Offset vs Cursor Pagination in Laravel [In-Depth Guide]



Recently, I made a pull request on Github to add cursor pagination to Laravel. This Laravel feature will be released today! This post describes both offset and cursor pagination strategies, and describes which one to use depending on your use case.

Offset Pagination

Offset pagination is one of the most widely used pagination techniques in the world today. Laravel’s paginate and simplePaginate methods on the Eloquent and database query builder classes use offset pagination under the hood.

Consider the following Laravel code to paginate the users table:

use App\Models\User;

$users = User::orderBy('id')->simplePaginate(10);

Under the hood, offset pagination fires a query that uses the offset clause. For example, here’s the query fired if you were to visit the 2nd page:

select * from users order by `id` asc limit 10 offset 10;

Cursor Pagination

Cursor pagination is a high performant pagination technique often used for large data-sets, infinite scrolling and APIs (more on that later). Today’s Laravel release adds the cursorPaginate method to the Eloquent and database query builder classes, which uses cursor pagination under the hood.

Here’s how we can cursor paginate the users table in Laravel:

use App\Models\User;

$users = User::orderBy('id')->cursorPaginate(10);

The code is exactly the same way as simplePaginate, except that it fires a different query. Here’s the query fired by cursor pagination if you were to visit the 2nd page:

select * from users where `id` > 10 order by `id` asc limit 10;

The main difference between offset and cursor pagination is that offset pagination uses an offset clause while cursor pagination uses a where clause with a comparison operator.

Performance Comparison

Performance Benchmark

Cursor pagination outperforms offset pagination by upto 400X (or even higher)! Shopify’s engineering team performed a benchmark study comparing the performance of both techniques. It’s important to note that to achieve a performance boost using cursor pagination, you should have a database index on the order by column(s).

The reason why cursor pagination outperforms offset pagination is that offset pagination scans through all the previous data. This means that an offset of 100,000 records would have the database still scan through those 100,000 records. On the other hand, cursor pagination can skip to the right record immediately if a database index is setup on the order by column(s).

Duplicated Or Missing Content

A common issue with offset pagination is duplicated or missing content, especially for data-sets with high write frequencies. This issue occurs when one or more records on a previous page are either inserted or deleted.

Since the offset SQL construct basically skips a number of records, as soon as there are inserts or deletes on a previous page, offset pagination starts show duplicate records or misses records.

Consider the following example. Let’s say we visit the first page containing 10 items. After that, there’s a new row inserted on a previous page. Now, when we visit the next page, we will see a duplicated record as shown in the diagram below. Similarly, if there’s a delete on a previous page, offset pagination will skip a record.

So, offset pagination isn’t suitable for rapidly changing data-sets. Cursor pagination circumvents this issue because the query fired uses a where clause such as where id > 10. So, even if a new row is inserted or deleted, it will not show any duplicate records or miss any records.

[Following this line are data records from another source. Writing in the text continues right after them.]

(* Let $k$ be a field of characteristic $\neq 2$, let $\mathcal O$ be the Lie algebra described in the context, and let $\mathcal I$ be a closed ideal of $\mathcal O$ with $J=J_{\mathcal I}=q(t)k[t]\neq 0$. Put $w_i=v_iq(t)$, $i=0,1,2$. Then $\mathcal I$ is one of the following ideals: (a) $\mathcal I=\mathcal OJt(t-1)\oplus k(w_0t\pm w_1t)\oplus k(w_0(t-1)\pm w_2(t-1))$ (four possibilities, the two signs chosen independently); (b) $\mathcal I=\mathcal OJt(t-1)\oplus\bigl(\bigoplus_{i=0}^2kw_it\bigr)\oplus k(w_0(t-1)\pm w_2(t-1))$ (two possibilities); in this case $\mathcal I=\mathcal OJt\oplus k(w_0\pm w_2)$; (c) $\mathcal I=\mathcal OJt(t-1)\oplus k(w_0t\pm w_1t)\oplus\bigl(\bigoplus_{i=0}^2kw_i(t-1)\bigr)$ (two possibilities); in this case $\mathcal I=\mathcal OJ(t-1)\oplus k(w_0\pm w_1)$; (d) $\mathcal I=\mathcal OJ$.
   Context: $\mathcal O$ is the Lie algebra over $k$ which is a free $k[t]$-module with basis $v_0,v_1,v_2$, with $k[t]$-bilinear bracket determined by $[v_0,v_1]=-v_2(t-1)$, $[v_1,v_2]=-v_0$, $[v_2,v_0]=v_1t$ (it is isomorphic to the Onsager algebra). An ideal $\mathcal I$ of $\mathcal O$ is closed if $\{x\in\mathcal O:[x,\mathcal O]\subseteq\mathcal I\}=\mathcal I$. For an ideal $\mathcal I$, $J_{\mathcal I}=\{p(t)\in k[t]: v_0p(t)+v_1p_1(t)+v_2p_2(t)\in\mathcal I\text{ for some }p_1,p_2\in k[t]\}$ (an ideal of $k[t]$). For an ideal $J$ of $k[t]$, $\mathcal OJ=v_0J\oplus v_1J\oplus v_2J$, and $\mathcal OJt$, $\mathcal OJ(t-1)$, $\mathcal OJt(t-1)$ denote $\mathcal O$ applied to the ideals $Jt$, $J(t-1)$, $Jt(t-1)$. *)

From HB Require Import structures.
From mathcomp Require Import all_boot all_order all_algebra.
Set Implicit Arguments. Unset Strict Implicit. Unset Printing Implicit Defensive.
Import GRing.Theory.
Local Open Scope ring_scope.

(* The Onsager-type Lie algebra O = k[t]v0 + k[t]v1 + k[t]v2, an element
   v0 p0 + v1 p1 + v2 p2 being represented by the triple (p0, p1, p2). *)
Definition Ob (k : fieldType) := ({poly k} * {poly k} * {poly k})%type.

Section Onsager.
Variable k : fieldType.

Definition mkO (p0 p1 p2 : {poly k}) : Ob k := (p0, p1, p2).
Definition c0 (x : Ob k) : {poly k} := x.1.1.
Definition c1 (x : Ob k) : {poly k} := x.1.2.
Definition c2 (x : Ob k) : {poly k} := x.2.

Definition zeroO : Ob k := mkO 0 0 0.
Definition addO (x y : Ob k) : Ob k :=
  mkO (c0 x + c0 y) (c1 x + c1 y) (c2 x + c2 y).
Definition scaleO (a : k) (x : Ob k) : Ob k :=
  mkO (a *: c0 x) (a *: c1 x) (a *: c2 x).

(* k[t]-bilinear bracket with [v0,v1] = -v2(t-1), [v1,v2] = -v0,
   [v2,v0] = v1 t (and [vi,vi] = 0, antisymmetry). *)
Definition bracket (x y : Ob k) : Ob k :=
  mkO (- (c1 x * c2 y - c2 x * c1 y))
      ((c2 x * c0 y - c0 x * c2 y) * 'X)
      ((c0 x * c1 y - c1 x * c0 y) * (- ('X - 1))).
(* Let $G$ be a finite, simple, connected $(q+1)$-regular graph with $n$ vertices and $m$ edges, let $a\in[0,1]$ and $b\in\mathbb R$, and let $\tilde{\mathbf U}$ be the generalized Grover matrix of $G$ with parameters $a,b$. Then \begin{align*} \det(\lambda\mathbf I_{2m}-\tilde{\mathbf U})&=(\lambda^2-b^2)^{m-n}\det\Big(\{\lambda^2+b((1-q)a+bq)\}\mathbf I_n-\lambda((1-q)a+b(q+1))\mathbf P(G)\Big)\\ &=(\lambda^2-b^2)^{m-n}\det\Big(\{\lambda^2-\lambda((1-q)a+b(q+1))+b((1-q)a+bq)\}\mathbf I_n+\lambda\Big(b-\frac{q-1}{q+1}a\Big)\Delta\Big), \end{align*} where $\Delta=\mathbf D-\mathbf A(G)$ is the Laplacian of $G$.
   Context: $D(G)$ is the set of $2m$ arcs of $G$ (for each edge $uv$, both $(u,v)$ and $(v,u)$); for $e=(u,v)$, $o(e)=u$, $t(e)=v$, $e^{-1}=(v,u)$, and $d_v=\deg v$. The generalized Grover matrix $\tilde{\mathbf U}=(\tilde U_{ef})_{e,f\in D(G)}$ has $\tilde U_{ef}=(2/d_{t(f)}-1)a+b$ if $t(f)=o(e)$ and $f\ne e^{-1}$; $\tilde U_{ef}=(2/d_{t(f)}-1)a$ if $f=e^{-1}$; $0$ otherwise. $\mathbf P(G)$ has entries $P_{uv}=1/\deg u$ if $u,v$ adjacent and $0$ otherwise; $\mathbf D$ is the diagonal degree matrix and $\mathbf A(G)$ the adjacency matrix. *)

From HB Require Import structures.
From mathcomp Require Import all_boot all_order all_algebra.
From mathcomp Require Import all_classical all_reals.
Set Implicit Arguments. Unset Strict Implicit. Unset Printing Implicit Defensive.
Import Order.TTheory GRing.Theory Num.Theory.
Local Open Scope ring_scope.

Definition simple_graph (n : nat) (adj : rel 'I_n) : Prop :=
  symmetric adj /\ irreflexive adj.

Definition connected_graph (n : nat) (adj : rel 'I_n) : Prop :=
  forall u v : 'I_n, connect adj u v.

Definition deg (n : nat) (adj : rel 'I_n) (v : 'I_n) : nat :=
  #|[set w | adj v w]|.

Definition regular (n : nat) (adj : rel 'I_n) (k : nat) : Prop :=
  forall v : 'I_n, deg adj v = k.

(* D(G): the set of arcs (u,v), both orientations of each edge; #|arcs| = 2m *)
Definition arcs (n : nat) (adj : rel 'I_n) : {set 'I_n * 'I_n} :=
  [set x : 'I_n * 'I_n | adj x.1 x.2].

Definition nedges (n : nat) (adj : rel 'I_n) : nat :=
  #|[set x : 'I_n * 'I_n | adj x.1 x.2 & (x.1 < x.2)%N]|.

Definition arc_of (n : nat) (adj : rel 'I_n) (i : 'I_#|arcs adj|) : 'I_n * 'I_n :=
  enum_val i.

Definition grover (R : realType) (n : nat) (adj : rel 'I_n) (a b : R)
  : 'M[R]_#|arcs adj| :=
  \matrix_(i, j)
    let e := arc_of i in let f := arc_of j in
    let c := (2 / (deg adj f.2)%:R - 1) * a in
    if f == (e.2, e.1) then c
    else if f.2 == e.1 then c + b
    else 0.

Definition transP (R : realType) (n : nat) (adj : rel 'I_n) : 'M[R]_n :=
  \matrix_(u, v) if adj u v then ((deg adj u)%:R)^-1 else 0.

Definition degmx (R : realType) (n : nat) (adj : rel 'I_n) : 'M[R]_n :=
  \matrix_(u, v) if u == v then (deg adj u)%:R else 0.

Definition adjmx (R : realType) (n : nat) (adj : rel 'I_n) : 'M[R]_n :=
  \matrix_(u, v) if adj u v then 1 else 0.

Definition laplacian (R : realType) (n : nat) (adj : rel 'I_n) : 'M[R]_n :=
  degmx R adj - adjmx R adj.

From HB Require Import structures.
From mathcomp Require Import all_boot all_order all_algebra.
From mathcomp Require Import all_classical all_reals.
From mathcomp Require Import ring zify.
Set Implicit Arguments. Unset Strict Implicit. Unset Printing Implicit Defensive.
Import Order.TTheory GRing.Theory Num.Theory.
Local Open Scope ring_scope.

(* The Grover matrix factors as U = beta L K^T - b J with beta = (2/(q+1) - 1) a + b, where
   L and K send an arc to its source and its target and J reverses arcs; then J^2 = 1,
   J L = K, K^T K = (q+1) I and K^T L = A.  Multiplying lam - U on the left by lam - b J gives
   (lam^2 - b^2) I - beta (lam - b J) L K^T, and Sylvester's identity
   x^r det(x I + X Y) = x^p det(x I + Y X) moves the determinant to the n x n matrix
   (lam^2 - b^2 + beta b (q+1)) I - lam beta A.  The factor det(lam - b J) = (lam^2 - b^2)^m
   comes from the same identity applied to the arc-edge incidence matrix N, since
   N N^T = I + J and N^T N = 2 I.  Working over R[lam] gives a polynomial identity, from which
   the power of lam^2 - b^2 can be cancelled even at lam = +-b as long as m >= n. *)

Lemma sylvester_det (R : comNzRingType) p r (x : R) (X : 'M_(p, r)) (Y : 'M_(r, p)) :
  x ^+ r * \det (x%:M + X *m Y) = x ^+ p * \det (x%:M + Y *m X).
Proof.
pose M := block_mx x%:M (- X) Y 1%:M.
have M_ldecomp : M = block_mx (x%:M + X *m Y) (- X) 0 1%:M *m block_mx 1%:M 0 Y 1%:M.
  by rewrite mulmx_block ?mulmx1 ?mul1mx ?mulmx0 ?mul0mx ?addr0 ?add0r mulNmx addrK.
have M_rdecomp : block_mx 1%:M 0 (- Y) x%:M *m M = block_mx x%:M (- X) 0 (x%:M + Y *m X).
  rewrite mulmx_block ?mulmx1 ?mul1mx ?mul0mx ?addr0 mul_scalar_mx mul_mx_scalar.
  by rewrite mulNmx mulmxN opprK scalerN addNr addrC.
have := congr1 determinant M_rdecomp.
rewrite det_mulmx det_lblock det_ublock det1 mul1r det_scalar M_ldecomp det_mulmx.
by rewrite det_ublock det_lblock !det1 !mulr1 det_scalar => ->.
Qed.

Lemma det_scalar_addZ_gram (R : comNzRingType) k p (N : 'M[R]_(k, p)) (J : 'M_k) (lam c : R) :
  N *m N^T = 1%:M + J -> N^T *m N = 2%:M ->
  (lam - c) ^+ p * \det (lam%:M + c *: J) = (lam - c) ^+ k * (lam + c) ^+ p.
Proof.
move=> NNt NtN.
have -> : lam%:M + c *: J = (lam - c)%:M + (c *: N) *m N^T.
  rewrite -scalemxAl NNt scalerDr scale_scalar_mx mulr1 addrA -raddfD /=.
  by rewrite subrK.
rewrite sylvester_det -scalemxAr NtN scale_scalar_mx -raddfD det_scalar /=.
by congr (_ * _ ^+ _); ring.
Qed.

Section ReversalReduction.

Variables (R : comNzRingType) (k n : nat).
Variables (J : 'M[R]_k) (L K : 'M[R]_(k, n)) (A : 'M[R]_n) (d : R).
Hypotheses (JJ : J *m J = 1%:M) (JL : J *m L = K).
Hypotheses (KtK : K^T *m K = d%:M) (KtL : K^T *m L = A).

Lemma det_reversal_reduction (lam b beta : R) :
  let s := lam ^+ 2 - b ^+ 2 in
  s ^+ n * (\det (lam%:M - b *: J) * \det (lam%:M - (beta *: (L *m K^T) - b *: J))) =
  s ^+ k * \det ((s + beta * b * d)%:M - (lam * beta) *: A).
Proof.
move=> s; pose X := - beta *: (lam *: L - b *: K).
have factor : (lam%:M - b *: J) *m (lam%:M - (beta *: (L *m K^T) - b *: J)) =
              s%:M + X *m K^T.
  rewrite !(mulmxBl, mulmxBr) !(mul_scalar_mx, mul_mx_scalar).
  rewrite -!scalemxAl -!scalemxAr mulmxA JL JJ mulmxBl -!scalemxAl.
  set P := L *m K^T; set Q := K *m K^T. (* hidden from [mxE], which would expand them *)
  apply/matrixP => i j; rewrite !mxE /s.
  by case: (i == j); rewrite /= ?mulr1n ?mulr0n; ring.
have swap : K^T *m X = (beta * b * d)%:M - (lam * beta) *: A.
  rewrite -scalemxAr mulmxBr -!scalemxAr KtK KtL.
  apply/matrixP => i j; rewrite !mxE.
  by case: (i == j); rewrite ?mulr1n ?mulr0n; ring.
by rewrite -det_mulmx factor sylvester_det swap addrA -raddfD.
Qed.

End ReversalReduction.

Lemma det_reversal_reduction_cancel (R : idomainType) k p n (N : 'M[R]_(k, p))
    (J : 'M_k) (L K : 'M_(k, n)) (A : 'M_n) (d lam b beta : R) :
  k = (p + p)%N -> N *m N^T = 1%:M + J -> N^T *m N = 2%:M ->
  J *m J = 1%:M -> J *m L = K -> K^T *m K = d%:M -> K^T *m L = A ->
  lam - b != 0 -> lam + b != 0 ->
  let s := lam ^+ 2 - b ^+ 2 in
  s ^+ n * \det (lam%:M - (beta *: (L *m K^T) - b *: J)) =
  s ^+ p * \det ((s + beta * b * d)%:M - (lam * beta) *: A).
Proof.
move=> k_eq; subst k => NNt NtN JJ JL KtK KtL sub_neq0 add_neq0 s.
have s_factor : s = (lam - b) * (lam + b) by rewrite /s; ring.
have s_neq0 : s != 0 by rewrite s_factor mulf_neq0.
have detJ : \det (lam%:M - b *: J) = s ^+ p.
  apply: (mulfI (expf_neq0 p add_neq0)).
  have := det_scalar_addZ_gram lam (- b) NNt NtN.
  rewrite opprK scaleNr => ->.
  by rewrite s_factor exprD exprMn; ring.
have /= := det_reversal_reduction JJ JL KtK KtL lam b beta.
by rewrite -/s detJ exprD mulrCA -mulrA => /(mulfI (expf_neq0 p s_neq0)).
Qed.

Lemma sum_pred1_mulr (R : pzSemiRingType) (T : finType) (P : pred T) (z : T) (F : T -> R) :
  P z -> \sum_(x | P x) (x == z)%:R * F x = F z.
Proof.
move=> Pz; rewrite (bigD1 z) //= eqxx mul1r big1 ?addr0 // => x /andP[_ /negbTE ->].
by rewrite mul0r.
Qed.
(* Let $(G,+,p)$ be a valued Abelian group. (I) $G$ is of class $\mathcal{O}_0$ if and only if $G$ admits no nonzero bounded group homomorphism into a Banach space. (II) $G$ is of class $\mathcal{O}_\infty$ if and only if $G$ admits an isometric group homomorphism into a Banach space. (III) $G$ is of class $\mathcal{O}_1$ if and only if $G$ admits a nonexpansive group homomorphism with trivial kernel into a Banach space, if and only if $G$ admits a bounded group homomorphism with trivial kernel into a Banach space.
   Context: A value on an Abelian group $G$ is $p\colon G\to[0,\infty)$ with $p(x)=0\iff x=0$, $p(-x)=p(x)$, $p(x+y)\leqslant p(x)+p(y)$. For $x\in G$ let $p_{0*}(x)=\lim_{n\to\infty}p(nx)/n$ (this limit exists). $G$ is of class $\mathcal{O}_0$ if $p_{0*}\equiv0$; of class $\mathcal{O}_\infty$ if $p_{0*}=p$ (equivalently $p(kx)=|k|p(x)$ for all $k\in\mathbb{Z}$, $x\in G$); of class $\mathcal{O}_1$ if $p_{0*}$ is a value (i.e. $p_{0*}(x)=0$ only for $x=0$). A modulus of continuity is a monotone increasing, subadditive $\omega\colon[0,\infty)\to[0,\infty)$ with $\lim_{t\to0^+}\omega(t)=\omega(0)=0$. A group homomorphism $\psi$ from $G$ into a Banach space $E$ is bounded if there is a modulus of continuity $\omega$ with $\|\psi(x)\|\leqslant\omega(p(x))$ for all $x\in G$; it is nonexpansive if $\|\psi(x)\|\leqslant p(x)$ for all $x$; isometric if $\|\psi(x)\|=p(x)$ for all $x$. *)

From HB Require Import structures.
From mathcomp Require Import all_boot all_order all_algebra.
From mathcomp Require Import all_classical all_reals all_analysis.
Set Implicit Arguments. Unset Strict Implicit. Unset Printing Implicit Defensive.
Import Order.TTheory GRing.Theory Num.Theory.
Import numFieldNormedType.Exports.
Local Open Scope classical_set_scope.
Local Open Scope ring_scope.

Definition is_value {R : realType} {G : zmodType} (p : G -> R) : Prop :=
  (forall x, 0 <= p x) /\
  (forall x, p x = 0 <-> x = 0) /\
  (forall x, p (- x) = p x) /\
  (forall x y, p (x + y) <= p x + p y).

(* p_{0*}(x) = lim_{n -> oo} p(n x)/n  (index shifted to n.+1 to avoid n = 0) *)
Definition p0star {R : realType} {G : zmodType} (p : G -> R) (x : G) : R :=
  limn (fun n : nat => p (x *+ n.+1) / n.+1%:R).

Definition class_O0 {R : realType} {G : zmodType} (p : G -> R) : Prop :=
  forall x, p0star p x = 0.
Definition class_Oinf {R : realType} {G : zmodType} (p : G -> R) : Prop :=
  forall x, p0star p x = p x.
Definition class_O1 {R : realType} {G : zmodType} (p : G -> R) : Prop :=
  is_value (p0star p).

Definition modulus_of_continuity {R : realType} (w : R -> R) : Prop :=
  (forall t, 0 <= t -> 0 <= w t) /\
  (forall s t, 0 <= s -> s <= t -> w s <= w t) /\
  (forall s t, 0 <= s -> 0 <= t -> w (s + t) <= w s + w t) /\
  w 0 = 0 /\
  (w t @[t --> 0^'+] --> 0).

Definition is_group_hom {G H : zmodType} (f : G -> H) : Prop :=
  forall x y, f (x + y) = f x + f y.

Definition bounded_hom {R : realType} {G : zmodType} {E : normedModType R}
  (p : G -> R) (psi : G -> E) : Prop :=
  is_group_hom psi /\
  exists w : R -> R, modulus_of_continuity w /\ forall x, `|psi x| <= w (p x).

Definition nonexpansive_hom {R : realType} {G : zmodType} {E : normedModType R}
  (p : G -> R) (psi : G -> E) : Prop :=
  is_group_hom psi /\ forall x, `|psi x| <= p x.

Definition isometric_hom {R : realType} {G : zmodType} {E : normedModType R}
  (p : G -> R) (psi : G -> E) : Prop :=
  is_group_hom psi /\ forall x, `|psi x| = p x.

Definition trivial_kernel {G H : zmodType} (f : G -> H) : Prop :=
  forall x, f x = 0 -> x = 0.

From HB Require Import structures.
From mathcomp Require Import all_boot all_order all_algebra.
From mathcomp Require Import all_classical all_reals all_analysis.
From mathcomp Require Import lra.
Import Order.TTheory GRing.Theory Num.Theory.
Import numFieldNormedType.Exports.
Set Implicit Arguments. Unset Strict Implicit. Unset Printing Implicit Defensive.
Local Open Scope classical_set_scope.
Local Open Scope ring_scope.

(* The limit p_{0*}(x) = lim p(nx)/n exists and equals inf_n p(nx)/n by
   Fekete's lemma, so p_{0*} is a subadditive, Z-homogeneous minorant of p.
   A bounded homomorphism psi with modulus w satisfies
   |psi x| = |psi (nx)|/n <= w(p(nx))/n <= (p(nx)/n + 1/n) w(1), hence
   |psi x| <= w(1) p_{0*}(x).  Conversely every subadditive, homogeneous,
   symmetric q is realised isometrically in l^oo(G): a Hahn-Banach argument on
   abelian groups (Zorn's lemma applied to sublinear minorants) yields for each
   a an additive f_a <= q with f_a(a) = q(a), and x |-> (f_a(x))_a is the
   embedding.  Applied to q = p_{0*}, resp. q = p, this gives (I)-(III). *)

Section Linfty.
Variables (R : realType) (I : Type).

Record linfty := Linfty {
  linfty_fun :> I -> R ;
  linfty_bounded : exists M : R, forall i, `|linfty_fun i| <= M }.

HB.instance Definition _ := gen_eqMixin linfty.
HB.instance Definition _ := gen_choiceMixin linfty.

Lemma linftyP (u v : linfty) : (forall i, u i = v i) -> u = v.
Proof.
case: u v => f hf [g hg] /= /funext efg; subst g.
by rewrite (Prop_irrelevance hf hg).
Qed.

Lemma linfty_bounded0 : exists M : R, forall i : I, `|(0 : R)| <= M.
Proof. by exists 0 => i; rewrite normr0. Qed.

Lemma linfty_boundedN (u : linfty) : exists M : R, forall i, `|- u i| <= M.
Proof. by case: (linfty_bounded u) => M hM; exists M => i; rewrite normrN. Qed.

Lemma linfty_boundedD (u v : linfty) : exists M : R, forall i, `|u i + v i| <= M.
Proof.
case: (linfty_bounded u) => M hM; case: (linfty_bounded v) => N hN.
by exists (M + N) => i; rewrite (le_trans (ler_normD _ _)) // lerD.
Qed.

Lemma linfty_boundedZ (a : R) (u : linfty) : exists M : R, forall i, `|a * u i| <= M.
Proof.
case: (linfty_bounded u) => M hM; exists (`|a| * M) => i.
by rewrite normrM ler_wpM2l.
Qed.

Definition linfty_zero := Linfty linfty_bounded0.
Definition linfty_opp u := Linfty (linfty_boundedN u).
Definition linfty_add u v := Linfty (linfty_boundedD u v).
Definition linfty_scale a u := Linfty (linfty_boundedZ a u).

Lemma linfty_addA : associative linfty_add.
Proof. by move=> u v w; apply: linftyP => i /=; rewrite addrA. Qed.

Lemma linfty_addC : commutative linfty_add.
Proof. by move=> u v; apply: linftyP => i /=; rewrite addrC. Qed.

Lemma linfty_add0 : left_id linfty_zero linfty_add.
Proof. by move=> u; apply: linftyP => i /=; rewrite add0r. Qed.

Lemma linfty_addN : left_inverse linfty_zero linfty_opp linfty_add.
Proof. by move=> u; apply: linftyP => i /=; rewrite addNr. Qed.

HB.instance Definition _ :=
  GRing.isZmodule.Build linfty linfty_addA linfty_addC linfty_add0 linfty_addN.

Lemma linfty_scaleA a b u : linfty_scale a (linfty_scale b u) = linfty_scale (a * b) u.
Proof. by apply: linftyP => i /=; rewrite mulrA. Qed.

Lemma linfty_scale1 : left_id 1 linfty_scale.
Proof. by move=> u; apply: linftyP => i /=; rewrite mul1r. Qed.

Lemma linfty_scaleDr : right_distributive linfty_scale +%R.
Proof. by move=> a u v; apply: linftyP => i /=; rewrite mulrDr. Qed.

Lemma linfty_scaleDl u : {morph linfty_scale^~ u : a b / a + b}.
Proof. by move=> a b; apply: linftyP => i /=; rewrite mulrDl. Qed.

HB.instance Definition _ := GRing.Zmodule_isLmodule.Build R linfty
  linfty_scaleA linfty_scale1 linfty_scaleDr linfty_scaleDl.

(* [0] is added so that the supremum is [0] when [I] is empty. *)
Definition linfty_norm (u : linfty) : R := sup ([set `|u i| | i in setT] `|` [set 0]).

Lemma linfty_norm_has_ubound (u : linfty) :
  has_ubound ([set `|u i| | i in setT] `|` [set 0]).
Proof.
case: (linfty_bounded u) => M hM; exists (Num.max M 0) => _ [[i _ <-]|->].
  by rewrite le_max hM.
by rewrite le_max lexx orbT.
Qed.
Lemma polyfun_leq a b n n' F : (n <= n')%N -> polyfun a b n F -> polyfun a b n' F.
Proof.
move=> le_nn' [s [hs e]]; exists s; split => //.
by apply/allP => x /(allP hs) /= h; exact: leq_trans h le_nn'.
Qed.

Lemma eq_polyfun a b n F G : F =1 G -> polyfun a b n F -> polyfun a b n G.
Proof. by move=> e [s [hs h]]; exists s; split=> // M; rewrite -e. Qed.

Lemma polyfun_cst a b c : polyfun a b 0 (fun _ => c).
Proof.
exists [:: (c, fun _ _ => 0%N)]; split.
  by rewrite /= andbT /mdeg big1 // => i _; rewrite big1.
move=> M; rewrite /mxpoly_eval big_cons big_nil addr0 /= /mxmono.
by rewrite big1 ?mulr1 // => i _; rewrite big1 // => j _; rewrite expr0.
Qed.

Lemma polyfun_add a b n F G : polyfun a b n F -> polyfun a b n G ->
  polyfun a b n (fun M => F M + G M).
Proof.
move=> [s [hs e]] [t [ht f]]; exists (s ++ t); split; first by rewrite all_cat hs ht.
by move=> M; rewrite e f /mxpoly_eval big_cat.
Qed.

Lemma mxmonoD a b (al be : 'I_a -> 'I_b -> nat) (M : 'M[T]_(a, b)) :
  mxmono a b (fun i j => al i j + be i j)%N M = mxmono a b al M * mxmono a b be M.
Proof.
rewrite /mxmono -big_split /=; apply: eq_bigr => i _.
by rewrite -big_split /=; apply: eq_bigr => j _; rewrite exprD.
Qed.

The duplicate or missing content issue is even further exacerbated with infinite scrolling. Unlike page numbered content, infinite scrolling shows records from the “previous” page alongside records from the next page. This means that duplicate content would show back-to-back in infinite scrolling, providing a bad user experience.

Worst case scenario: imagine there are 10 inserts per second, and you can scroll one page every second with 10 items per page. What do you think will happen?

You will keep seeing the same duplicated content over and over again!

Limitations of Cursor Pagination

Like most of programming, cursor pagination is not a silver bullet to all pagination issues! It has limitations.

Page Numbers

The first and most obvious one, is that it does not support page numbers. It can, however, support next and previous links similar to simplePaginate. So, if you need page numbers, you’d need to go with offset pagination.

Database Index

Secondly, to actually improve performance, offset pagination needs a database index on the order by column. That means if you have multiple sort options for your users to choose, you’d probably need indexes for each one. Remember that the more the number of indexes, the slower your write performance, even though they may actually improve read performance depending on the query. It’s a trade-off that you need to decide based on your use case.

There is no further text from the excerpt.